While far from deciding humanity’s fate at this point, the information gathered thus far gives us an indication of the extent to which man and machine may cooperate in the near future, on everything from transportation systems to economics.
The team is trying to expand the comfort zone of existing AI agents in a variety of ways, most recently through two distinct game types that draw heavily on elements from game theory.
In the first game, the two agents must compete to gather as many apples as possible, a straightforward premise centered around scarcity and cooperation. The more plentiful the apples, the more likely the players were to cooperate or, at least, leave the other alone.
However, there is a twist: both players are armed with a ray gun and can stun the other player at any time, immobilizing them for a brief period, allowing the aggressor to gather more resources unimpeded. This is classified as a ‘complex behavior’ within the game, as it requires more computing power, thought, or effort to carry out, as opposed to a singular directive such as a collecting apples.
The DeepMind team found that the greater the level of intelligence applied (or larger the neural network supporting the software agent), the more aggressive the software agents became.
The second game, the Wolfpack game, involves hunting for prey for a reward. The twist here is that other wolves in the surrounding area also receive a reward for a successful hunt. The more wolves within the designated area, the greater the reward each wolf receives.

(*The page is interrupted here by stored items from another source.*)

(* Let $n\ge5$ be odd and $M$ an $n\times n$ HW-matrix. There is no spin$^c$ set for $M$.
   Context: $\mathcal S=\{0,1,2,3\}$ is the Klein four-group ($\mathbb Z_2$-vector space) with $x+x=0$, $1+2=3$, $1+3=2$, $2+3=1$. $\mathcal P_n$ is the power set of $\{1,\dots,n\}$ (addition = symmetric difference, product = intersection); $|U|_2=|U|\bmod 2$; $J_M(U)=\{j:\sum_{i\in U}M_{ij}=1\}$. $M$ is an HW-matrix if it has $1$ on the diagonal and $2$ or $3$ off the diagonal, all column sums are $0$, and $J_M(U)\ne\emptyset$ for all $U\ne\emptyset,\{1,\dots,n\}$. $S\in\mathcal P_n$ is a spin$^c$ set for $M$ if $|(J_M(U)+U)\cap S|_2=\binom{|U|}2\bmod 2$ for all $U\in\mathcal P_n$. *)

From HB Require Import structures.
From mathcomp Require Import all_boot all_order all_algebra.
Set Implicit Arguments. Unset Strict Implicit. Unset Printing Implicit Defensive.
Import GRing.Theory.
Local Open Scope ring_scope.

(* The Klein four-group S = {0,1,2,3}, realized as F_2 x F_2 with
   0 = (0,0), 1 = (1,0), 2 = (0,1), 3 = (1,1); so 1+2 = 3, 1+3 = 2, 2+3 = 1. *)
Definition S := ('F_2 * 'F_2)%type.
Definition s0 : S := (0, 0).
Definition s1 : S := (1, 0).
Definition s2 : S := (0, 1).
Definition s3 : S := (1, 1).

Definition JM (n : nat) (M : 'M[S]_n) (U : {set 'I_n}) : {set 'I_n} :=
  [set j | (\sum_(i in U) M i j) == s1].

(* symmetric difference = addition in P_n *)
Definition symdiff (n : nat) (A B : {set 'I_n}) : {set 'I_n} :=
  (A :\: B) :|: (B :\: A).

Definition HW_matrix (n : nat) (M : 'M[S]_n) : Prop :=
  [/\ (forall i, M i i = s1),
      (forall i j, i != j -> M i j = s2 \/ M i j = s3),
      (forall j, \sum_i M i j = s0) &
      (forall U : {set 'I_n}, U != set0 -> U != setT -> JM M U != set0)].

(* |X|_2 = |X| mod 2 = odd #|X| ; binom(|U|,2) mod 2 = odd 'C(#|U|,2) *)
Definition spinc_set (n : nat) (M : 'M[S]_n) (T : {set 'I_n}) : Prop :=
  forall U : {set 'I_n},
    odd #|symdiff (JM M U) U :&: T| = odd 'C(#|U|, 2).

From mathcomp Require Import all_boot all_order all_algebra zify.
Import GRing.Theory.
Set Implicit Arguments. Unset Strict Implicit. Unset Printing Implicit Defensive.

(* Write each entry of an HW-matrix M as a pair (a_ij, [i != j]) in
   F_2 x F_2; a_ij (called [arc] below) holds on the diagonal and, off the
   diagonal, exactly when M_ij = 3.  The axioms of M and the spin^c
   condition on a set T become three facts about the relation a:
   - vanishing column sums: each j has an odd number of i != j with a_ij;
   - J_M({i,j,k}) is nonempty: of three distinct indices, two agree on
     whether they have an arc to the third;
   - the spin^c condition for U = {i,k}:
       l_i + l_k + [k in T] a_ik + [i in T] a_ki = 1, where
       l_i = #{x in T - i | a_ix} + [i in T]  (mod 2).
   The second half of the file shows that these facts are contradictory on
   a set of odd size n >= 5.  The last relation makes l injective off T, so
   m = |T| >= n - 2 >= 3.  For v in T let d(v) be its in-degree inside T, and let its
   score be d(v) if l_v = 0 and m - 1 - d(v) if l_v = 1.  The three facts
   make the score injective from T into [0, m), hence onto, while all scores
   have the same parity: impossible, since both 0 and 1 are scores. *)

Section ParityOfCards.
Variable I : finType.

Lemma odd_card_xor (P : pred I) : odd #|[set x | P x]| = \big[addb/false]_x P x.
Proof.
rewrite cardsE -sum1_card big_mkcond /= (big_morph odd oddD (erefl : odd 0 = false)).
by apply: eq_bigr => x _; rewrite unfold_in; case: (P x).
Qed.

Lemma odd_card_split (P Q R : pred I) : (forall x, P x = Q x (+) R x) ->
  odd #|[set x | P x]| = odd #|[set x | Q x]| (+) odd #|[set x | R x]|.
Proof. by move=> PQR; rewrite !odd_card_xor -big_split; apply: eq_bigr. Qed.

Lemma odd_card_addb (Q R : pred I) :
  odd #|[set x | Q x (+) R x]| = odd #|[set x | Q x]| (+) odd #|[set x | R x]|.
Proof. exact: odd_card_split. Qed.

Lemma odd_card_point (a : I) (b : bool) : odd #|[set x | (x == a) && b]| = b.
Proof.
case: b; last by rewrite (eq_card (_ : _ =i pred0)) ?card0 // => x; rewrite !inE andbF.
by rewrite (eq_card (_ : _ =i pred1 a)) ?card1 // => x; rewrite !inE andbT.
Qed.

Lemma odd_card_remove (P : pred I) (z : I) :
  odd #|[set x | P x]| = odd #|[set x | (x != z) && P x]| (+) P z.
Proof.
rewrite (@odd_card_split _ (fun x => (x != z) && P x) (fun x => (x == z) && P z)).
  by rewrite odd_card_point.
by move=> x; case: eqP => [->|] /=; rewrite ?addbF.
Qed.

Lemma injective_onto_iota (A : {set I}) (f : I -> nat) :
  {in A &, injective f} -> (forall x, x \in A -> f x < #|A|) ->
  forall k, k < #|A| -> exists2 x, x \in A & f x = k.
Proof.
move=> f_inj f_lt k k_lt.
have uniq_f : uniq (map f (enum A)).
  by rewrite map_inj_in_uniq ?enum_uniq // => x y; rewrite !mem_enum; apply: f_inj.
have sub_f : {subset map f (enum A) <= iota 0 #|A|}.
  by move=> _ /mapP [x xA ->]; rewrite mem_iota add0n f_lt // -mem_enum.
have size_f : size (iota 0 #|A|) <= size (map f (enum A)).
  by rewrite size_iota size_map cardE.
have [_ eq_f] := uniq_min_size uniq_f sub_f size_f.
have : k \in map f (enum A) by rewrite eq_f mem_iota.
by case/mapP => x xA ->; exists x; rewrite // -mem_enum.
Qed.

End ParityOfCards.

Lemma sum_bool_F2 (I : finType) (P p : pred I) :
  (\sum_(i | P i) ((p i)%:R : 'F_2))%R = ((odd #|[set i | P i && p i]|)%:R)%R.
Proof.
rewrite -modn2 (Fp_nat_mod (isT : prime 2)) cardsE -sum1_card big_mkcondr natr_sum.
by apply: eq_bigr => i _; case: (p i).
Qed.

Lemma sum_S (I : finType) (P : pred I) (F : I -> S) :
  (\sum_(i | P i) F i)%R = ((\sum_(i | P i) (F i).1)%R, (\sum_(i | P i) (F i).2)%R).
Proof. by elim/big_rec3: _ => [|i [a b] c d _ ->]. Qed.

Lemma big_set2 (R : nmodType) (I : finType) (i k : I) (F : I -> R) : i != k ->
  (\sum_(y in (i |: [set k])) F y = F i + F k)%R.
Proof. by move=> ik; rewrite big_setU1 ?inE // big_set1. Qed.

Lemma big_set3 (R : nmodType) (I : finType) (i j k : I) (F : I -> R) :
  i != j -> j != k -> i != k -> (\sum_(y in (i |: (j |: [set k]))) F y = F i + F j + F k)%R.
Proof.
move=> ij jk ik; rewrite big_setU1 ?inE ?negb_or ?ij ?ik //.
by rewrite big_set2 //= addrA.
Qed.

Section HWMatrix.
Variables (n : nat) (M : 'M[S]_n).
Hypothesis hwM : HW_matrix M.

(* The first F_2-coordinate of M_ij; it holds on the diagonal, and off the
   diagonal exactly when M_ij = 3. *)
Definition arc (i j : 'I_n) : bool := (M i j).1 == 1%R.

Lemma entry_bits (i j : 'I_n) :
  M i j = (((arc i j)%:R : 'F_2)%R, ((i != j)%:R : 'F_2)%R).
Proof.
have [dM offM _ _] := hwM; rewrite /arc.
case: (eqVneq i j) => [<-|ij]; first by rewrite dM.
by case: (offM i j ij) => ->.
Qed.

Lemma arc_diag (j : 'I_n) : arc j j.
Proof. by have [dM _ _ _] := hwM; rewrite /arc dM. Qed.

Lemma mem_JM (U : {set 'I_n}) (x : 'I_n) :
  (x \in JM M U) = (\sum_(y in U) ((arc y x)%:R : 'F_2) == 1)%R &&
                   (\sum_(y in U) ((y != x)%:R : 'F_2) == 0)%R.
Proof. by rewrite inE; under eq_bigr => y _ do rewrite entry_bits; rewrite sum_S. Qed.

Lemma column_parity (j : 'I_n) : odd #|[set i | (i != j) && arc i j]|.
Proof.
have [_ _ colM _] := hwM; have := colM j.
under eq_bigr => i _ do rewrite entry_bits.
rewrite sum_S => /pair_equal_spec[/eqP + _]; rewrite sum_bool_F2.
by rewrite (odd_card_remove _ j) /= arc_diag; case: (odd _).
Qed.

(* Nonemptiness of J_M({i,j,k}): two of three distinct indices agree on
   whether they have an [arc] to the third. *)
Lemma triangle (i j k : 'I_n) : 4 <= n -> i != j -> j != k -> i != k ->
  [|| arc j i == arc k i, arc i j == arc k j | arc i k == arc j k].
Proof.
move=> n4 ij jk ik; have [_ _ _ JM0] := hwM.
have ji : j != i by rewrite eq_sym.
have kj : k != j by rewrite eq_sym.
have ki : k != i by rewrite eq_sym.
have U0 : (i |: (j |: [set k])) != set0 by apply/set0Pn; exists i; rewrite !inE eqxx.
have UT : (i |: (j |: [set k])) != setT.
  apply: contraTneq n4 => UT; rewrite -ltnNge -[n]card_ord -cardsT -UT.
  by rewrite !cardsU1 cards1 !inE; case: (_ == _); case: (_ == _); case: (_ == _).
have /set0Pn[x] := JM0 _ U0 UT; rewrite mem_JM !big_set3 //.
case: (eqVneq x i) => [->|xi].
  by rewrite arc_diag ?ji ?ki /=; case: (arc j i); case: (arc k i).
case: (eqVneq x j) => [->|xj].
  by rewrite arc_diag ?ij ?kj /=; case: (arc i j); case: (arc k j); rewrite ?orbT.
case: (eqVneq x k) => [->|xk].
  by rewrite arc_diag ?ik ?jk /=; case: (arc i k); case: (arc j k); rewrite ?orbT.
by rewrite andbF.
Qed.

Lemma mem_JM_pair (i k x : 'I_n) : i != k ->
  (x \in JM M (i |: [set k])) = [&& x != i, x != k & arc i x (+) arc k x].
Proof.
move=> ik; have ki : k != i by rewrite eq_sym.
rewrite mem_JM !big_set2 //.
case: (eqVneq x i) => [->|_]; first by rewrite ?ki andbF.
case: (eqVneq x k) => [->|_]; first by rewrite ?ik andbF.
by rewrite andbT; case: (arc i x); case: (arc k x).
Qed.

Definition lambda (T : {set 'I_n}) (i : 'I_n) : bool :=
  odd #|[set x | [&& x \in T, x != i & arc i x]]| (+) (i \in T).

Lemma spinc_pair (T : {set 'I_n}) : spinc_set M T -> forall i k, i != k ->
  lambda T i (+) lambda T k (+) ((k \in T) && arc i k) (+) ((i \in T) && arc k i).
Proof.
move=> spT i k ik; have ki : k != i by rewrite eq_sym.
pose out y z x := (x != z) && [&& x \in T, x != y & arc y x].
have := spT (i |: [set k]); rewrite cardsU1 inE ik cards1 /=.
(* J_M({i,k}) avoids {i,k}, so the counted set is {i,k} together with the
   points x of T - {i,k} receiving an arc from exactly one of i and k. *)
rewrite (@eq_card _ _ [set x | ((x == i) && (i \in T)) (+) ((x == k) && (k \in T))
                                 (+) out i k x (+) out k i x]); last first.
  move=> x; rewrite /symdiff in_setI in_setU !in_setD mem_JM_pair // !inE /out.
  case: (eqVneq x i) => [->|_]; first by rewrite /= (negbTE ik); case: (i \in T).
  case: (eqVneq x k) => [->|_]; first by case: (k \in T).
  by rewrite /=; case: (arc i x); case: (arc k x); case: (x \in T).
rewrite !odd_card_addb !odd_card_point.
rewrite /lambda (odd_card_remove (fun x => [&& x \in T, x != i & arc i x]) k).
rewrite (odd_card_remove (fun x => [&& x \in T, x != k & arc k x]) i) /out /= ik ki.
by case: (odd _); case: (odd _); case: (i \in T); case: (k \in T);
   case: (arc i k); case: (arc k i).
Qed.

End HWMatrix.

This game rewarded cooperation (the complex behavior in this instance) far more than the apples game, regardless of how intelligent the participants were.
The researchers believe that there is a propensity towards the more complex behaviour in each game, especially as agents become more intelligent i.e. aiming at and zapping an opponent and cooperating for greater rewards in each game.
Leibo emphasized that in the current round of experiments, none of the software agents had a functioning short-term memory, and thus could not make inferences on other subjects’ behavior based on past experience.
“Going forward it would be interesting to equip agents with the ability to reason about other agent’s beliefs and goals,” he said.